Digital surveillance / Pegasus: Civil society calls for EU sanctions against NSO Group
Together with more than 80 non-profit organisations and independent experts, Reporters Without Borders (RSF) is urging the introduction of EU sanctions against Pegasus manufacturer NSO Group.
In a letter published today to the EU's foreign affairs commissioner Josep Borrell and the foreign ministers of EU member states, the coalition summarises the growing number of allegations against the company and calls for action under the EU's human rights sanctions regime. The EU must take appropriate steps to ban the use and trade of NSO technology until effective human rights protections are in place.
More than 220 journalists have been identified as targeted or confirmed targets of state spying attacks using the spyware since the first Pegasus Project revelations in July. The German government has so far maintained its use of Pegasus, including by the Federal Intelligence Service. The US Department of Commerce, on the other hand, took concrete steps in November and placed NSO Group and another Israeli surveillance technology company on a sanctions list.

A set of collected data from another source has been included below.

Section Counting.
Variables (S V1 V2 : finType) (E1 : rel V1) (lf1 : S -> V1) (E2 : rel V2) (lf2 : S -> V2).
Hypotheses (HN1 : is_network E1 lf1) (HN2 : is_network E2 lf2).
Hypothesis HU : Ups_eq E1 lf1 E2 lf2.
Local Notation sim12 := (sim E1 lf1 E2 lf2).
Local Notation sim11 := (sim E1 lf1 E1 lf1).
Local Notation sim22 := (sim E2 lf2 E2 lf2).

Lemma exists_sim12 v1 : exists v2, sim12 v1 v2.
Proof.
have : 0 < Ups_mult E2 lf2 (nlab E1 lf1 v1).
  by rewrite -HU; apply/card_gt0P; exists v1; rewrite inE; apply/asboolP/sim_refl.
by case/card_gt0P => v2; rewrite inE => /asboolP /sim_sym; exists v2.
Qed.

Lemma exists_sim21 v2 : exists v1, sim12 v1 v2.
Proof.
have : 0 < Ups_mult E1 lf1 (nlab E2 lf2 v2).
  by rewrite HU; apply/card_gt0P; exists v2; rewrite inE; apply/asboolP/sim_refl.
by case/card_gt0P => v1; rewrite inE => /asboolP; exists v1.
Qed.

(* Both sets are unions of similarity classes, and corresponding classes have
   the same size by [HU]; remove one class at a time. *)
Lemma card_sim_transfer (P1 : V1 -> Prop) (P2 : V2 -> Prop) :
  (forall v1 v2, sim12 v1 v2 -> (P1 v1 <-> P2 v2)) ->
  #|[set v | `[< P1 v >]]| = #|[set v | `[< P2 v >]]|.
Proof.
move: {2}#|_| (leqnn #|[set v | `[< P1 v >]]|) => n.
elim: n P1 P2 => [|n IH] P1 P2 Hn H12.
  rewrite leqn0 in Hn; rewrite (eqP Hn); apply/esym/eq_card0 => w2; rewrite inE.
  apply/negbTE/asboolPn => Hw2; have [v1 Hs] := exists_sim21 w2.
  by have := card0_eq (eqP Hn) v1; rewrite inE asboolT //; apply/(H12 _ _ Hs).
case: (set_0Vmem [set v | `[< P1 v >]]) => [H0|[v]]; first by apply: IH; rewrite ?H0 ?cards0.
rewrite inE => /asboolP Hv; have [v2 Hv2] := exists_sim12 v.
have HC1 w : sim11 w v -> P1 w.
  by move=> Hw; apply/(H12 _ v2 (sim_trans Hw Hv2))/(H12 _ _ Hv2).
have HC2 w : sim E2 lf2 E1 lf1 w v -> P2 w by move=> Hw; apply/(H12 v _ (sim_sym Hw)).
have Hclass : #|[set w | `[< sim11 w v >]]| = #|[set w | `[< sim E2 lf2 E1 lf1 w v >]]|.
  exact: HU (nlab E1 lf1 v).
rewrite (card_set_asbool_split HC1) (card_set_asbool_split HC2) Hclass.
congr addn; apply: IH => [|v1 w2 Hs].
  rewrite -ltnS; apply: leq_trans Hn; rewrite (card_set_asbool_split HC1) -add1n leq_add2r.
  by apply/card_gt0P; exists v; rewrite inE; apply/asboolP/sim_refl.
split=> -[H1 H2]; split; try by apply/(H12 _ _ Hs).
  by move=> H3; apply: H2; apply: sim_trans Hs H3.
by move=> H3; apply: H2; apply: sim_trans (sim_sym Hs) H3.
Qed.

Lemma unique_nlab_sim v1 v2 : sim12 v1 v2 -> unique_nlab E1 lf1 v1 <-> unique_nlab E2 lf2 v2.
Proof.
move=> Hs; rewrite !unique_nlab_card (card_sim_transfer (P2 := fun w => sim22 w v2)) //.
move=> w1 w2 Hw; split=> H.
  exact: sim_trans (sim_sym Hw) (sim_trans H Hs).
exact: sim_trans Hw (sim_trans H (sim_sym Hs)).
Qed.

(* For a node with a unique nested label, its parents are exactly the nodes
   having a child similar to it, and this set is similarity-invariant. *)
Lemma card_parents_sim v1 v2 : sim12 v1 v2 -> unique_nlab E1 lf1 v1 ->
  #|parents E1 v1| = #|parents E2 v2|.
Proof.
move=> Hs Hu1; have Hu2 := proj1 (unique_nlab_sim Hs) Hu1.
have parentsE (V : finType) (E : rel V) (lf : S -> V) v : unique_nlab E lf v ->
    parents E v = [set u : V | `[< exists2 c, E u c & sim E lf E lf c v >]].
  move=> Hu; apply/setP => u; rewrite !inE; apply/idP/asboolP => [Euv|[c Euc /Hu <- //]].
  by exists v => //; apply: sim_refl.
rewrite (parentsE _ _ _ _ Hu1) (parentsE _ _ _ _ Hu2); apply: card_sim_transfer.
move=> u1 u2 Hsu; split=> [[c1 Ec1 Hc1]|[c2 Ec2 Hc2]].
  have [c2 Ec2 Hc2] := sim_child HN1 HN2 Hsu Ec1.
  by exists c2 => //; apply: sim_trans (sim_sym Hc2) (sim_trans Hc1 Hs).
have [c1 Ec1 Hc1] := sim_child HN2 HN1 (sim_sym Hsu) Ec2.
by exists c1 => //; apply: sim_trans (sim_sym Hc1) (sim_trans Hc2 (sim_sym Hs)).
Qed.
End Counting.

Section TransferClades.
Variables (S V1 V2 : finType) (E1 : rel V1) (lf1 : S -> V1) (E2 : rel V2) (lf2 : S -> V2).
Hypotheses (HN1 : is_network E1 lf1) (HN2 : is_network E2 lf2).
Hypothesis HU : Ups_eq E1 lf1 E2 lf2.
Local Notation sim12 := (sim E1 lf1 E2 lf2).

Lemma is_tree_node_sim v1 v2 : sim12 v1 v2 -> unique_nlab E1 lf1 v1 ->
  is_tree_node E1 v1 = is_tree_node E2 v2.
Proof. by move=> Hs Hu; rewrite /is_tree_node (card_parents_sim HN1 HN2 HU Hs Hu). Qed.

Lemma hleaf_sim v1 v2 : sim12 v1 v2 -> hleaf E1 v1 = hleaf E2 v2.
Proof.
move=> Hs; rewrite /hleaf -(is_leaf_sim HN1 HN2 Hs).
case: (boolP (is_leaf E1 v1)) => //= /(is_leafP HN1) [s Hv1]; subst v1.
by rewrite /is_hybrid (card_parents_sim HN1 HN2 HU Hs (lf_unique (s := s) HN1)).
Qed.

Lemma arc_sim x1 x2 y1 y2 : sim12 x1 x2 -> sim12 y1 y2 -> unique_nlab E1 lf1 y1 ->
  E1 x1 y1 = E2 x2 y2.
Proof.
move=> Hx Hy Hu1; have Hu2 := proj1 (unique_nlab_sim HU Hy) Hu1.
apply/idP/idP => Exy.
  have [c2 Ec2 Hc2] := sim_child HN1 HN2 Hx Exy.
  by rewrite -(Hu2 c2) //; apply: sim_trans (sim_sym Hc2) Hy.
have [c1 Ec1 Hc1] := sim_child HN2 HN1 (sim_sym Hx) Exy.
by rewrite -(Hu1 c1) //; apply: sim_trans (sim_sym Hc1) (sim_sym Hy).
Qed.

Lemma sim_inC v1 v2 : sim12 v1 v2 -> inC E1 v1 -> inC E2 v2.
Proof.
move=> Hs Hv1; apply/forallP => y2; apply/implyP => Hy2.
have [y1 Hy1 Hs'] := sim_connect HN2 HN1 (sim_sym Hs) Hy2.
have HC : inC E1 y1 := inC_connect Hv1 Hy1.
by rewrite -(is_tree_node_sim (sim_sym Hs') (inC_unique HN1 HC)) inC_tree.
Qed.

Lemma sim_conv_other v1 v2 : sim12 v1 v2 -> conv_other E1 lf1 v1 -> conv_other E2 lf2 v2.
Proof.
move=> Hs /existsP [w1 /andP [Hne /eqP Hcl]].
case: (boolP (conv_other E2 lf2 v2)) => // Hc2; case/negP: (Hc2).
have Hu2 := not_conv_unique HN2 Hc2.
have Hu1 := proj2 (unique_nlab_sim HU Hs) Hu2.
have [w2 Hw2] := exists_sim12 HU w1.
apply/existsP; exists w2; apply/andP; split.
  apply: contra Hne => /eqP Hw; apply/eqP/Hu1.
  by apply: sim_trans Hw2 _; rewrite Hw; apply: sim_sym.
by rewrite -(cluster_sim HN1 HN2 Hw2) Hcl (cluster_sim HN1 HN2 Hs).
Qed.

End TransferClades.

Section TransferRemoval.
Variables (S V1 V2 : finType) (E1 : rel V1) (lf1 : S -> V1) (E2 : rel V2) (lf2 : S -> V2).
Hypotheses (HN1 : is_network E1 lf1) (HN2 : is_network E2 lf2).
Hypothesis HU : Ups_eq E1 lf1 E2 lf2.
Local Notation sim12 := (sim E1 lf1 E2 lf2).

Lemma inC_sim v1 v2 : sim12 v1 v2 -> inC E1 v1 = inC E2 v2.
Proof.
move=> Hs; apply/idP/idP; first exact: (sim_inC HN1 HN2 HU Hs).
exact: (sim_inC HN2 HN1 (Ups_eq_sym HU) (sim_sym Hs)).
Qed.

Lemma conv_other_sim v1 v2 : sim12 v1 v2 -> conv_other E1 lf1 v1 = conv_other E2 lf2 v2.
Proof.
move=> Hs; apply/idP/idP; first exact: (sim_conv_other HN1 HN2 HU Hs).
exact: (sim_conv_other HN2 HN1 (Ups_eq_sym HU) (sim_sym Hs)).
Qed.

Lemma internalS_sim v1 v2 : sim12 v1 v2 -> internalS E1 v1 = internalS E2 v2.
Proof. by move=> Hs; rewrite /internalS (inC_sim Hs) (is_leaf_sim HN1 HN2 Hs). Qed.

Lemma has_conv_sim : has_conv E1 lf1 = has_conv E2 lf2.
Proof.
rewrite !has_convE; apply/existsP/existsP => [[u1 Hu1]|[u2 Hu2]].
  by have [u2 Hs] := exists_sim12 HU u1; exists u2; rewrite -(conv_other_sim Hs).
by have [u1 Hs] := exists_sim21 HU u2; exists u1; rewrite (conv_other_sim Hs).
Qed.

(* If v1 is removed only because of some convergent ancestor d1, then v1 is
   unique, so the descendant of a partner of d1 similar to v1 is its partner. *)
Lemma sim_removed v1 v2 : sim12 v1 v2 -> removed E1 lf1 v1 -> removed E2 lf2 v2.
Proof.
move=> Hs /andP [Hi /existsP [d1 /and3P [Hd Hc Hdv]]].
rewrite /removed -(internalS_sim Hs) Hi /=.
case: (boolP (conv_other E1 lf1 v1)) => Hcv.
  apply/existsP; exists v2.
  by rewrite -(internalS_sim Hs) -(conv_other_sim Hs) Hi Hcv connect0.
have Hu2 := proj1 (unique_nlab_sim HU Hs) (not_conv_unique HN1 Hcv).
have [d2 Hd2] := exists_sim12 HU d1.
have [u2 Hu Hsu] := sim_connect HN1 HN2 Hd2 Hdv.
have <- : u2 = v2 by apply: Hu2; apply: sim_trans (sim_sym Hsu) Hs.
by apply/existsP; exists d2; rewrite -(internalS_sim Hd2) -(conv_other_sim Hd2) Hd Hc Hu.
Qed.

"Evidence is mounting that NSO Group has enabled dozens of authoritarian governments to monitor and persecute media workers and human rights defenders. A credible EU human rights policy requires member states to take joint action against such a company, rather than prioritising national security interests", said Lisa Dittmer, Advocacy Officer for Internet Freedom at Reporters Without Borders.
With this year's reform of its export controls, the EU sought to set new standards for value-based trade in digital surveillance technology. The accusations of misuse of Pegasus by the Hungarian government, reported national efforts such as France's to reach agreements with Israel to protect its own population from surveillance by NSO, and Germany's adherence to using Pegasus show little of this.
Technical experts from Canada's Citizen Lab and Amnesty International are still working to analyse the devices of potential victims. For example, Citizen Lab most recently confirmed that six Palestinian human rights defenders were hacked using Pegasus.
RSF, together with numerous affected journalists from seven countries, filed a complaint in Paris in July. EU Commissioner Didier Reynders condemned the alleged state abuse of digital surveillance technology during a discussion in the EU Parliament in September, but a clear step like the US government's decision to "blacklist" NSO Group has so far failed to materialise.